WORK REQUIRED
From the records below, output exactly the lines running from the line containing "by apply/eqP; rewrite -eigenvalue_det -inE." through the line containing "Definition GLdet (g", and no others.

※

(* Let $q$ be a prime power such that none of $q-1$, $q$, $q+1$ is a power of $2$ (i.e. $\{q-1,q,q+1\}\cap\{2^k : k\in\mathbb{N}\}=\varnothing$), and let $G=\mathrm{SL}(2,q)$. If $x$ is a $2$-element of $G$, then $q-1$ or $q+1$ divides $|C_G(x)|$. In particular, $C_G(x)$ is not a $2$-group. *)

From HB Require Import structures.
From mathcomp Require Import all_boot all_order all_algebra all_fingroup all_solvable all_field.
Set Implicit Arguments. Unset Strict Implicit. Unset Printing Implicit Defensive.
Import GRing.Theory.
Local Open Scope group_scope.

Section SL2.
Variable F : finFieldType.

Definition SL2set : {set {'GL_2[F]}} := [set g : {'GL_2[F]} | (\det (GLval g) == 1)%R].

Lemma SL2_group_set : group_set SL2set.
Proof.
apply/group_setP; split.
  by rewrite inE GL_1E det1.
move=> x y; rewrite !inE => /eqP dx /eqP dy.
by rewrite GL_MxE det_mulmx dx dy mulr1.
Qed.

Canonical SL2_group := Group SL2_group_set.
End SL2.

Notation SL2 F := (SL2_group F).

From HB Require Import structures.
From mathcomp Require Import all_boot all_order all_algebra all_fingroup all_solvable all_field.
From mathcomp Require Import ring zify.

(* If x is scalar, C_SL(x) is all of SL(2,q), of order q(q^2-1).  Otherwise x
   centralizes the unit group T of the algebra F[x] = {a + b x} (a plane, by
   Cayley-Hamilton).  For b <> 0, a + b x is singular iff -a/b is an eigenvalue
   of x, so |T| = q^2 - 1 - r(q-1) with r the number of eigenvalues of x in F.
   The determinant maps T into F^* with kernel T :&: SL(2,q), hence |T|/(q-1)
   divides |C_SL(x)|: this is q+1 when r = 0 and q-1 when r = 2.  When r = 1,
   x = l + N with N^2 = 0, so x^(2^k) = l^(2^k) + 2^k l^(2^k-1) N; as q is not a
   power of 2 the characteristic is odd and x^(2^k) = 1 forces N = 0, i.e. x
   scalar.  Finally q-1 and q+1 are not powers of 2, so C_SL(x) is no 2-group. *)

Set Implicit Arguments.
Unset Strict Implicit.
Unset Printing Implicit Defensive.

Import GRing.Theory FinRing.Theory.
Local Open Scope ring_scope.

Section Pencil.
Variables (R : comNzRingType) (n : nat) (A : 'M[R]_n).

Definition pencil (ab : R * R) : 'M[R]_n := ab.1%:M + ab.2 *: A.

Lemma pencil_comm ab : pencil ab *m A = A *m pencil ab.
Proof. by rewrite mulmxDl mulmxDr mul_scalar_mx mul_mx_scalar -scalemxAl scalemxAr. Qed.

Lemma pencil_scale t b : pencil (- t * b, b) = b *: (A - t%:M).
Proof. by rewrite /pencil /= scalerBr scale_scalar_mx mulNr raddfN addrC [t * b]mulrC. Qed.

End Pencil.

Section Matrix2.
Variable R : comNzRingType.
Implicit Types (A B : 'M[R]_2) (l : R).

Let ord2 (i : 'I_2) : i = 0 \/ i = 1.
Proof. by case: i => [[|[|//]]] ?; [left|right]; apply: val_inj. Qed.

Let lift0_ord2 : lift ord0 (ord0 : 'I_1) = 1 :> 'I_2.
Proof. exact: val_inj. Qed.

Lemma mx2P A B :
  A 0 0 = B 0 0 -> A 0 1 = B 0 1 -> A 1 0 = B 1 0 -> A 1 1 = B 1 1 -> A = B.
Proof.
move=> e00 e01 e10 e11; apply/matrixP => i j.
by case: (ord2 i) => ->; case: (ord2 j) => ->.
Qed.

Lemma mulmx2E A B i j : (A *m B) i j = A i 0 * B 0 j + A i 1 * B 1 j.
Proof. by rewrite mxE !big_ord_recl big_ord0 addr0 lift0_ord2. Qed.

Lemma mxtrace2 A : \tr A = A 0 0 + A 1 1.
Proof. by rewrite /mxtrace !big_ord_recl big_ord0 addr0 lift0_ord2. Qed.

Lemma det_mx2 A : \det A = A 0 0 * A 1 1 - A 0 1 * A 1 0.
Proof.
rewrite (expand_det_row _ 0) !big_ord_recl big_ord0 addr0 /cofactor !det_mx11.
have lift1_ord1 : lift 1 (0 : 'I_1) = 0 :> 'I_2 by apply: val_inj.
by rewrite !mxE lift0_ord2 lift1_ord1 /= expr0 expr1 mul1r mulN1r mulrN.
Qed.

Lemma mx2_Cayley_Hamilton A : A *m A = \tr A *: A - (\det A)%:M.
Proof. by rewrite mxtrace2 det_mx2; apply: mx2P; rewrite !mulmx2E !mxE /=; ring. Qed.

Lemma mx2_sqr_eq0 A : \tr A = 0 -> \det A = 0 -> A *m A = 0.
Proof. by rewrite mx2_Cayley_Hamilton => -> ->; rewrite scale0r raddf0 subr0. Qed.

Lemma det_mx2_sub_scalar A l : \det (A - l%:M) = l ^+ 2 - \tr A * l + \det A.
Proof. by rewrite !det_mx2 mxtrace2 !mxE /=; ring. Qed.

Lemma pencil_mulmx2 A a b c d :
  pencil A (a, b) *m pencil A (c, d) =
  pencil A (a * c - b * d * \det A, a * d + b * c + b * d * \tr A).
Proof. by rewrite mxtrace2 det_mx2; apply: mx2P; rewrite !mulmx2E !mxE /=; ring. Qed.

End Matrix2.

Section FieldPencil.
Variable F : fieldType.

Lemma eigenvalue_det n (A : 'M[F]_n) a : eigenvalue A a = (\det (A - a%:M) == 0).
Proof.
apply/eigenvalueP/det0P => [[v vA v_neq0] | [v v_neq0 vA]]; exists v => //.
  by rewrite mulmxBr vA mul_mx_scalar subrr.
by apply/eqP; rewrite -mul_mx_scalar -subr_eq0 -mulmxBr vA.
Qed.

Lemma pencil_inj n (A : 'M[F]_n.+1) : ~~ is_scalar_mx A -> injective (pencil A).
Proof.
move=> nscalA [a b] [c d] /= eq_abcd.
have [eq_bd | neq_bd] := eqVneq b d.
  move: eq_abcd; rewrite /pencil /= eq_bd => /addIr/matrixP/(_ 0 0).
  by rewrite !mxE /= !mulr1n => ->.
case/negP: nscalA; apply/is_scalar_mxP; exists ((b - d)^-1 * (c - a)).
rewrite -scale_scalar_mx; apply: (canRL (scalerK _)); first by rewrite subr_eq0.
rewrite scalerBl raddfB /=; apply/eqP.
by rewrite subr_eq addrAC eq_sym subr_eq [_ + a%:M]addrC; apply/eqP/esym.
Qed.

End FieldPencil.

Section Spectrum.
Variable F : finFieldType.

Definition spectrum n (A : 'M[F]_n) : {set F} := [set a | eigenvalue A a].

Lemma card_singular_pencil n (A : 'M[F]_n.+1) :
  #|[set ab | \det (pencil A ab) == 0]| = (1 + #|spectrum A| * #|F|.-1)%N.
Proof.
pose eigen_pairs := [set (- u.1 * u.2, u.2) | u in setX (spectrum A) [set~ 0]].
have -> : [set ab | \det (pencil A ab) == 0] = (0, 0) |: eigen_pairs.
  apply/setP => -[a b]; rewrite !inE; have [-> | b_neq0] := eqVneq b 0.
    rewrite /pencil scale0r addr0 det_scalar expf_eq0 /=.
    apply/idP/orP => [/eqP-> | [/eqP[->] // | /imsetP[[t c]]]]; first by left.
    by rewrite !inE /= => /andP[_ /negPf c_neq0] [_ /esym/eqP]; rewrite c_neq0.
  have -> : pencil A (a, b) = b *: (A - (- a / b)%:M).
    by rewrite -pencil_scale mulNr divfK // opprK.
  rewrite detZ mulf_eq0 expf_eq0 (negPf b_neq0) -eigenvalue_det xpair_eqE.
  rewrite (negPf b_neq0) !andbF /=; apply/idP/imsetP => [Ab | [[t c]]].
    by exists (- a / b, b); rewrite ?inE ?Ab ?b_neq0 // mulNr divfK // opprK.
  by rewrite !inE /= => /andP[At c_neq0] [-> ->]; rewrite mulNr mulfK // opprK.
rewrite cardsU1 card_in_imset ?cardsX ?cardsC1.
  congr (_ + _)%N; apply/eqP; rewrite eqb1; apply/imsetP => -[[t c]].
  by rewrite !inE /= => /andP[_ /negPf c_neq0] [_ /esym/eqP]; rewrite c_neq0.
move=> [t c] [s d]; rewrite !inE /= => /andP[_ c_neq0] _ [eq_tcsd eq_cd].
by move: eq_tcsd; rewrite -eq_cd => /(mulIf c_neq0)/oppr_inj ->.
Qed.

Lemma mem_spectrum2 (A : 'M[F]_2) t :
  (t \in spectrum A) = (t ^+ 2 - \tr A * t + \det A == 0).
Proof. by rewrite inE eigenvalue_det det_mx2_sub_scalar. Qed.

Lemma spectrum2_cases (A : 'M[F]_2) :
  [\/ #|spectrum A| = 0%N, #|spectrum A| = 2%N
    | exists l, (A - l%:M) *m (A - l%:M) = 0].
Proof.
have [-> | [t0 At0]] := set_0Vmem (spectrum A); first by constructor 1; rewrite cards0.
have root_t0 : t0 ^+ 2 - \tr A * t0 + \det A = 0 by apply/eqP; rewrite -mem_spectrum2.
have [eq_t0 | neq_t0] := eqVneq t0 (\tr A - t0).
  constructor 3; exists t0; apply: mx2_sqr_eq0.
    have tr_A : \tr A = t0 *+ 2 by rewrite mulr2n {1}eq_t0 subrK.
    by rewrite linearB /= mxtrace_scalar tr_A subrr.
  by apply/eqP; rewrite -eigenvalue_det -inE.
constructor 2; suff -> : spectrum A = [set t0; \tr A - t0] by rewrite cards2 neq_t0.
apply/setP => t; rewrite mem_spectrum2 !inE.
have -> : t ^+ 2 - \tr A * t + \det A =
          (t - t0) * (t - (\tr A - t0)) + (t0 ^+ 2 - \tr A * t0 + \det A) by ring.
by rewrite root_t0 addr0 mulf_eq0 !subr_eq0.
Qed.

End Spectrum.

Section Determinant.
Variables (F : finFieldType) (n : nat).

Definition GLdet (g : {'GL_n[F]}) : {unit F} :=
  insubd (1%g : {unit F}) (\det (GLval g)).

Lemma GLdetE g : val (GLdet g) = \det (GLval g).
Proof. by rewrite insubdK // unitfE GL_det. Qed.

Lemma GLdet_morphic : morphic [set: {'GL_n[F]}] GLdet.
Proof.
by apply/morphicP => g h _ _; apply: val_inj; rewrite val_unitM !GLdetE GL_MxE det_mulmx.
Qed.

Definition GLdet_morphism := morphm_morphism GLdet_morphic.

Lemma ker_GLdet : ('ker GLdet_morphism)%g = [set g | \det (GLval g) == 1].
Proof.
apply/setP => g; rewrite [RHS]inE; apply/kerP/eqP; rewrite ?inE //= morphmE -GLdetE.
  by move=> ->.
by move=> det_g; apply: val_inj.
Qed.

Lemma dvdn_card_setI_SL (H : {group {'GL_n[F]}}) :
  (#|H| %| #|H :&: [set g | \det (GLval g) == 1%R]| * #|F|.-1)%N.
Proof.
have im_dvd : (#|(GLdet_morphism @* H)%g| %| #|F|.-1)%N.
  by rewrite -card_finField_unit cardSg ?subsetT.
rewrite -ker_GLdet -(Lagrange (subsetIl H ('ker GLdet_morphism)%G)) /=.
by rewrite indexgI -[H in #|H : _|%g]setTI -card_morphim dvdn_mul.
Qed.

End Determinant.

Section PencilUnits.
Variables (F : finFieldType) (A : 'M[F]_2).

Definition pencil_units : {set {'GL_2[F]}} :=
  [set g : {'GL_2[F]} | [exists ab, GLval g == pencil A ab]].

Lemma pencil_units_group_set : group_set pencil_units.
Proof.
apply/group_setP; split.
  by rewrite inE; apply/existsP; exists (1, 0); rewrite /pencil /= scale0r addr0.
move=> g h; rewrite !inE => /existsP[[a b] /eqP gE] /existsP[[c d] /eqP hE].
by apply/existsP; eexists; rewrite GL_MxE gE hE pencil_mulmx2.
Qed.

Canonical pencil_units_group := Group pencil_units_group_set.

Lemma pencil_units_cent (x : {'GL_2[F]}) :
  GLval x = A -> pencil_units \subset 'C[x]%g.
Proof.
move=> xA; apply/subsetP => g; rewrite inE => /existsP[ab /eqP gE].
apply/cent1P/val_inj; change (GLval (g * x)%g = GLval (x * g)%g).
by rewrite !GL_MxE gE xA pencil_comm.
Qed.

Lemma card_pencil_units : ~~ is_scalar_mx A ->
  (#|pencil_units| + #|spectrum A| * #|F|.-1 = #|F|.-1 * #|F|.+1)%N.
Proof.
move=> nscalA; pose regular := [set ab | \det (pencil A ab) != 0].
have -> : #|pencil_units| = #|regular|.
  rewrite -(card_imset _ val_inj) -(card_imset _ (pencil_inj nscalA)).
  apply: eq_card => M; apply/imsetP/imsetP => [[g] | [ab]].
    rewrite inE => /existsP[ab /eqP gE] ->; exists ab => //.
    by rewrite inE -gE; exact: (GL_det g).
  rewrite inE => det_ab ->.
  have unit_ab : pencil A ab \is a GRing.unit by rewrite unitmxE unitfE.
  by exists (Sub (pencil A ab) unit_ab); rewrite ?SubK // inE; apply/existsP; exists ab.
have := cardsC [set ab | \det (pencil A ab) == 0].
rewrite card_prod card_singular_pencil.
have -> : ~: [set ab | \det (pencil A ab) == 0] = regular by apply/setP => ab; rewrite !inE.
by have := card_finNzRing_gt1 F; case: #|F| => // q _; lia.
Qed.

End PencilUnits.

Section Unipotent.
Variables (F : fieldType) (n : nat).
Implicit Types (N : 'M[F]_n.+1) (l : F).

Lemma exp_scalar_add_nilpotent N l m : N *m N = 0 ->
  (l%:M + N) ^+ m.+1 = (l ^+ m.+1)%:M + (m.+1%:R * l ^+ m) *: N.
Proof.
move=> NN; elim: m => [|m IHm]; first by rewrite expr1 expr0 mulr1 scale1r.
rewrite exprSr IHm -mulmxE mulmxDl !mulmxDr -scalar_mxM mul_scalar_mx.
rewrite -!scalemxAl NN scaler0 addr0 mul_mx_scalar scalerA -exprSr -addrA -scalerDl.
by congr (_ + _ *: N); rewrite exprS [_.+2%:R]mulrS; ring.
Qed.

Lemma nilpotent_eq0_of_exp_eq1 N l m : N *m N = 0 ->
  (l%:M + N) ^+ m = 1 -> m%:R != 0 :> F -> N = 0.
Proof.
case: m => [|m] NN; first by rewrite eqxx.
rewrite exp_scalar_add_nilpotent // => unit_eq m_neq0.
(* Multiplying by N on the right gives l^(m+1) = 1 or N = 0, and if l^(m+1) = 1
   the coefficient (m+1) l^m of N is a unit. *)
have : (l ^+ m.+1 - 1) *: N = 0.
  have := congr1 (mulmx^~ N) unit_eq; rewrite mulmxDl mul_scalar_mx -scalemxAl NN.
  by rewrite scaler0 addr0 mul1mx scalerBl scale1r => ->; rewrite subrr.
move/eqP; rewrite scaler_eq0 subr_eq0 => /orP[/eqP l_unit | /eqP //].
move: unit_eq; rewrite l_unit => /(canRL (addKr _)); rewrite addNr => /eqP.
rewrite scaler_eq0 mulf_eq0 (negPf m_neq0) expf_eq0 /=.
case/orP=> [/andP[_ /eqP l0] | /eqP //].
by move: l_unit; rewrite l0 expr0n /= => /eqP; rewrite eq_sym oner_eq0.
Qed.

End Unipotent.

Lemma pnat_natr_neq0 (R : idomainType) (p m : nat) :
  p.-nat m -> p%:R != 0 :> R -> m%:R != 0 :> R.
Proof. by move=> /part_pnat_id <- p_neq0; rewrite p_part natrX expf_neq0. Qed.

Section CentralizersInSL2.
Variable F : finFieldType.
Local Notation q := #|F|.

Lemma card_finField_pred_gt0 : (0 < q.-1)%N.
Proof. by rewrite -subn1 subn_gt0 card_finNzRing_gt1. Qed.

Lemma dvdn_card_SL2 : (q.-1 %| #|SL2 F|)%N.
Proof.
have := dvdn_card_setI_SL ('GL_2[F])%G; rewrite setTI card_GL_2 expnS expn1 mulnA mulnAC.
rewrite dvdn_pmul2r ?card_finField_pred_gt0 // => /(dvdn_trans _)-> //.
by rewrite mulnAC dvdn_mull.
Qed.

Section Tori.
Variable A : 'M[F]_2.
Hypothesis nscalA : ~~ is_scalar_mx A.
Local Notation T := (pencil_units_group A).

Lemma dvdn_card_pencil_units_SL2_nonsplit :
  #|spectrum A| = 0%N -> (q.+1 %| #|T :&: SL2 F|)%N.
Proof.
move=> spec0; have := card_pencil_units nscalA; rewrite spec0 mul0n addn0.
move=> cardT; have := dvdn_card_setI_SL T.
by rewrite cardT [(q.-1 * _)%N]mulnC dvdn_pmul2r // card_finField_pred_gt0.
Qed.

Lemma dvdn_card_pencil_units_SL2_split :
  #|spectrum A| = 2%N -> (q.-1 %| #|T :&: SL2 F|)%N.
Proof.
move=> spec2; have := dvdn_card_setI_SL T.
have -> : #|T| = (q.-1 * q.-1)%N.
  have := card_pencil_units nscalA; rewrite spec2.
  have := card_finNzRing_gt1 F; case: q => // k _ /=.
  by move/eqP; rewrite !mulnSr -addnA addnn -mul2n eqn_add2r => /eqP.
by rewrite dvdn_pmul2r // card_finField_pred_gt0.
Qed.

End Tori.

Local Open Scope group_scope.

Lemma dvdn_card_cent_SL2 (x : {'GL_2[F]}) :
  (2%:R != 0 :> F)%R -> x \in SL2 F -> 2.-elt x ->
  (q.-1 %| #|'C_(SL2 F)[x]|)%N || (q.+1 %| #|'C_(SL2 F)[x]|)%N.
Proof.
move=> two_neq0 xSL x2; set X := GLval x.
have [/is_scalar_mxP[c Xc] | nscalX] := boolP (is_scalar_mx X).
  suff -> : 'C_(SL2 F)[x] = SL2 F by rewrite dvdn_card_SL2.
  apply/setIidPl/subsetP => g _; apply/cent1P/val_inj.
  change (GLval (g * x) = GLval (x * g)).
  by rewrite !GL_MxE -/X Xc scalar_mxC.
have sub_cent : pencil_units_group X :&: SL2 F \subset 'C_(SL2 F)[x].
  by rewrite setIC setIS ?pencil_units_cent.
case: (spectrum2_cases X) => [spec0 | spec2 | [l nil_Xl]].
- by rewrite orbC (dvdn_trans (dvdn_card_pencil_units_SL2_nonsplit nscalX spec0)) ?cardSg.
- by rewrite (dvdn_trans (dvdn_card_pencil_units_SL2_split nscalX spec2)) ?cardSg.
case/negP: nscalX; apply/is_scalar_mxP; exists l; apply/eqP; rewrite -subr_eq0; apply/eqP.
apply: (nilpotent_eq0_of_exp_eq1 (l := l) (m := #[x])) nil_Xl _ _.
  by rewrite addrC subrK /X -val_unitX expg_order.
exact: pnat_natr_neq0 x2 two_neq0.
Qed.

End CentralizersInSL2.

Local Open Scope group_scope.

Theorem theorem6p5 (F : finFieldType) (x : {'GL_2[F]}) :
  (forall k : nat, [/\ (#|F|.-1 != 2 ^ k)%N, (#|F| != 2 ^ k)%N & (#|F|.+1 != 2 ^ k)%N]) ->
  x \in SL2 F -> 2.-elt x ->
  ((#|F|.-1 %| #|'C_(SL2 F)[x]|)%N || (#|F|.+1 %| #|'C_(SL2 F)[x]|)%N)
  /\ ~~ 2.-group 'C_(SL2 F)[x].
Proof.
move=> not_pow2 xSL x2.
have two_neq0 : (2%:R != 0 :> F)%R.
  apply/negP => /eqP two_eq0; have pchar2 : 2 \in [pchar F] by rewrite inE two_eq0 eqxx.
  by case: (not_pow2 (logn 2 #|F|)) => _ /eqP[]; apply: card_pprimeChar pchar2.
have dvdn_cent := dvdn_card_cent_SL2 two_neq0 xSL x2; split => //.
apply/negP => cent_2group.
case/orP: dvdn_cent => /pnat_dvd/(_ cent_2group)/part_pnat_id; rewrite p_part => pow2.
  by case: (not_pow2 (logn 2 #|F|.-1)) => /eqP[]; rewrite pow2.
by case: (not_pow2 (logn 2 #|F|.+1)) => _ _ /eqP[]; rewrite pow2.
Qed.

※

SOLUTION BELOW
  by apply/eqP; rewrite -eigenvalue_det -inE.
constructor 2; suff -> : spectrum A = [set t0; \tr A - t0] by rewrite cards2 neq_t0.
apply/setP => t; rewrite mem_spectrum2 !inE.
have -> : t ^+ 2 - \tr A * t + \det A =
          (t - t0) * (t - (\tr A - t0)) + (t0 ^+ 2 - \tr A * t0 + \det A) by ring.
by rewrite root_t0 addr0 mulf_eq0 !subr_eq0.
Qed.

End Spectrum.

Section Determinant.
Variables (F : finFieldType) (n : nat).

Definition GLdet (g : {'GL_n[F]}) : {unit F} :=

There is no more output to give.